>>>>
(* [invmx] with its test for invertibility dropped; it agrees with [invmx] on
   invertible matrices and, unlike [invmx], is smooth where [\det] is nonzero. *)
Definition adj_inv m (A : 'M[R]_m) := (\det A)^-1 *: \adj A.

Lemma invmx_adj_inv m (A : 'M[R]_m) : A \in unitmx -> invmx A = adj_inv A.
Proof. by rewrite /invmx => ->. Qed.

Lemma differentiable_adj_inv m (G : V -> 'M[R]_m) p i j :
  (forall i j, differentiable (fun q => G q i j) p) -> \det (G p) != 0 ->
  differentiable (fun q => adj_inv (G q) i j) p.
Proof.
move=> dG detG0; under eq_fun do rewrite mxE.
apply: differentiableM; last exact: differentiable_adj.
exact: differentiableV (differentiable_det dG) detG0.
Qed.

End BigDifferentiable.

Section PartialDerivatives.
Variables (R : realType) (n : nat).
Local Notation V := 'rV[R]_n.
Implicit Types (f g : V -> R) (p q : V).

Lemma pd_diff k f p : differentiable f p -> pd k f p = 'd f p (ebasis R k).
Proof. by move=> df; rewrite /pd deriveE. Qed.

Lemma pd_add k f g p : differentiable f p -> differentiable g p ->
  pd k (fun q => f q + g q) p = pd k f p + pd k g p.
Proof.
move=> df dg; rewrite /pd (_ : (fun q => f q + g q) = f + g) //.
by rewrite deriveD //; exact: diff_derivable.
Qed.

Lemma pd_mul k f g p : differentiable f p -> differentiable g p ->
  pd k (fun q => f q * g q) p = pd k f p * g p + f p * pd k g p.
Proof.
move=> df dg; rewrite /pd (_ : (fun q => f q * g q) = f * g) //.
rewrite deriveM; try exact: diff_derivable.
by rewrite /GRing.scale /= addrC mulrC.
Qed.

Lemma pd_cst k (c : R) p : pd k (fun _ => c) p = 0.
Proof. exact: derive_cst. Qed.

Lemma pd_addr k f (c : R) p : differentiable f p ->
  pd k (fun q => f q + c) p = pd k f p.
Proof. by move=> df; rewrite pd_add ?pd_cst ?addr0 //; exact: differentiable_cst. Qed.

Lemma pd_mulr k f (c : R) p : differentiable f p ->
  pd k (fun q => f q * c) p = pd k f p * c.
Proof.
by move=> df; rewrite pd_mul ?pd_cst ?mulr0 ?addr0 //; exact: differentiable_cst.
Qed.

Lemma pd_mull k f (c : R) p : differentiable f p ->
  pd k (fun q => c * f q) p = c * pd k f p.
Proof.
by move=> df; rewrite pd_mul ?pd_cst ?mul0r ?add0r //; exact: differentiable_cst.
Qed.

Lemma pd_inv k f p : differentiable f p -> f p != 0 ->
  pd k (fun q => (f q)^-1) p = - (f p) ^- 2 * pd k f p.
Proof. by move=> df f0; rewrite /pd deriveV //; exact: diff_derivable. Qed.

Lemma pd_coord k j p : pd k (fun q : V => q 0 j) p = (j == k)%:R.
Proof.
have := @derive_mx R V 1 n id p (ebasis R k) (@derivable_id _ _ _ _).
by rewrite derive_id => /matrixP /(_ 0 j); rewrite !mxE /= => h; rewrite /pd -h.
Qed.

Lemma pd_big_sum k (I : Type) (r : seq I) (P : pred I) (f : I -> V -> R) p :
  (forall i, P i -> differentiable (f i) p) ->
  pd k (fun q => \sum_(i <- r | P i) f i q) p = \sum_(i <- r | P i) pd k (f i) p.
Proof.
move=> df; elim: r => [|a r IHr].
  by under eq_fun do rewrite big_nil; rewrite big_nil pd_cst.
under eq_fun do rewrite big_cons.
rewrite big_cons; case Pa: (P a) => //.
by rewrite pd_add ?IHr //; [exact: df | exact: differentiable_big_sum].
Qed.

Lemma diff_pd f p (v : V) : differentiable f p ->
  'd f p v = \sum_j v 0 j * pd j f p.
Proof.
move=> df; rewrite {1}(row_sum_delta v) linear_sum; apply: eq_bigr => j _.
by rewrite linearZ pd_diff.
Qed.

(* [1 + (q - p0) beta], the common denominator of the entries of
   [(M p0 + b (q - p0))^-1 b]. *)
Definition affine_form (p0 : V) (beta : 'cV[R]_n) q := 1 + ((q - p0) *m beta) 0 0.

Lemma affine_formE p0 beta :
  affine_form p0 beta = fun q => 1 + \sum_l (q 0 l - p0 0 l) * beta l 0.
Proof.
apply/funext => q; rewrite /affine_form !mxE; congr (_ + _).
by apply: eq_bigr => l _; rewrite !mxE.
Qed.

Section AffineForm.
Variables (p0 : V) (beta : 'cV[R]_n) (q : V).

Let dcoord l : differentiable (fun x : V => x 0 l) q.
Proof. exact: differentiable_coord. Qed.

Let dshift l : differentiable (fun x : V => x 0 l - p0 0 l) q.
Proof. by apply: differentiableB => //; exact: differentiable_cst. Qed.

Let dterm l : differentiable (fun x : V => (x 0 l - p0 0 l) * beta l 0) q.
Proof. by apply: differentiableM => //; exact: differentiable_cst. Qed.

Lemma differentiable_affine_form : differentiable (affine_form p0 beta) q.
Proof.
rewrite affine_formE; apply: differentiableD; first exact: differentiable_cst.
exact: differentiable_big_sum.
Qed.

Lemma pd_affine_form j : pd j (affine_form p0 beta) q = beta j 0.
Proof.
rewrite affine_formE pd_add; first last.
- exact: differentiable_big_sum.
- exact: differentiable_cst.
rewrite pd_cst add0r pd_big_sum // -(sum_mul_eq (fun l => beta l 0) j).
by apply: eq_bigr => l _; rewrite pd_mulr // pd_addr // pd_coord mulrC.
Qed.

End AffineForm.

Definition mx_differentiable m1 m2 (G : V -> 'M[R]_(m1, m2)) p :=
  forall i j, differentiable (fun q => G q i j) p.

Definition pdmx k m1 m2 (G : V -> 'M[R]_(m1, m2)) p :=
  \matrix_(i, j) pd k (fun q => G q i j) p.

Lemma mx_differentiable_mul m1 m2 m3
    (G1 : V -> 'M[R]_(m1, m2)) (G2 : V -> 'M[R]_(m2, m3)) p :
  mx_differentiable G1 p -> mx_differentiable G2 p ->
  mx_differentiable (fun q => G1 q *m G2 q) p.
Proof.
move=> dG1 dG2 i j; under eq_fun do rewrite mxE.
by apply: differentiable_big_sum => l _; apply: differentiableM.
Qed.

Lemma pdmx_mul k m1 m2 m3 (G1 : V -> 'M[R]_(m1, m2)) (G2 : V -> 'M[R]_(m2, m3)) p :
  mx_differentiable G1 p -> mx_differentiable G2 p ->
  pdmx k (fun q => G1 q *m G2 q) p = pdmx k G1 p *m G2 p + G1 p *m pdmx k G2 p.
Proof.
move=> dG1 dG2; apply/matrixP => i j; rewrite !mxE.
under eq_fun do rewrite mxE.
rewrite pd_big_sum; last by move=> l _; apply: differentiableM.
by rewrite -big_split; apply: eq_bigr => l _; rewrite pd_mul // !mxE.
Qed.

Lemma mx_differentiable_tr m1 m2 (G : V -> 'M[R]_(m1, m2)) p :
  mx_differentiable G p -> mx_differentiable (fun q => (G q)^T) p.
Proof. by move=> dG i j; under eq_fun do rewrite mxE. Qed.

Lemma pdmx_tr k m1 m2 (G : V -> 'M[R]_(m1, m2)) p :
  pdmx k (fun q => (G q)^T) p = (pdmx k G p)^T.
Proof. by apply/matrixP => i j; rewrite !mxE; under eq_fun do rewrite mxE. Qed.

Lemma mx_differentiable_affine (C : 'M[R]_n) (b : 'cV[R]_n) p :
  mx_differentiable (fun q => C + b *m q) p.
Proof.
move=> i j; under eq_fun do rewrite !mxE big_ord1.
apply: differentiableD; first exact: differentiable_cst.
by apply: differentiableM; [exact: differentiable_cst | exact: differentiable_coord].
Qed.

Lemma pdmx_affine k (C : 'M[R]_n) (b : 'cV[R]_n) p :
  pdmx k (fun q => C + b *m q) p = b *m ebasis R k.
Proof.
apply/matrixP => i j; rewrite !mxE big_ord1.
under eq_fun do rewrite !mxE big_ord1.
have dcoord : differentiable (fun q : V => q 0 j) p by exact: differentiable_coord.
rewrite pd_add; [|exact: differentiable_cst|exact: differentiableM].
by rewrite pd_cst add0r pd_mull // pd_coord /ebasis mxE eqxx.
Qed.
<<<<
→ **ACTIVITY**
Check every line above for the word "differentiableD" and copy those that have it.

→ **RESULT BELOW**
rewrite affine_formE; apply: differentiableD; first exact: differentiable_cst.
apply: differentiableD; first exact: differentiable_cst.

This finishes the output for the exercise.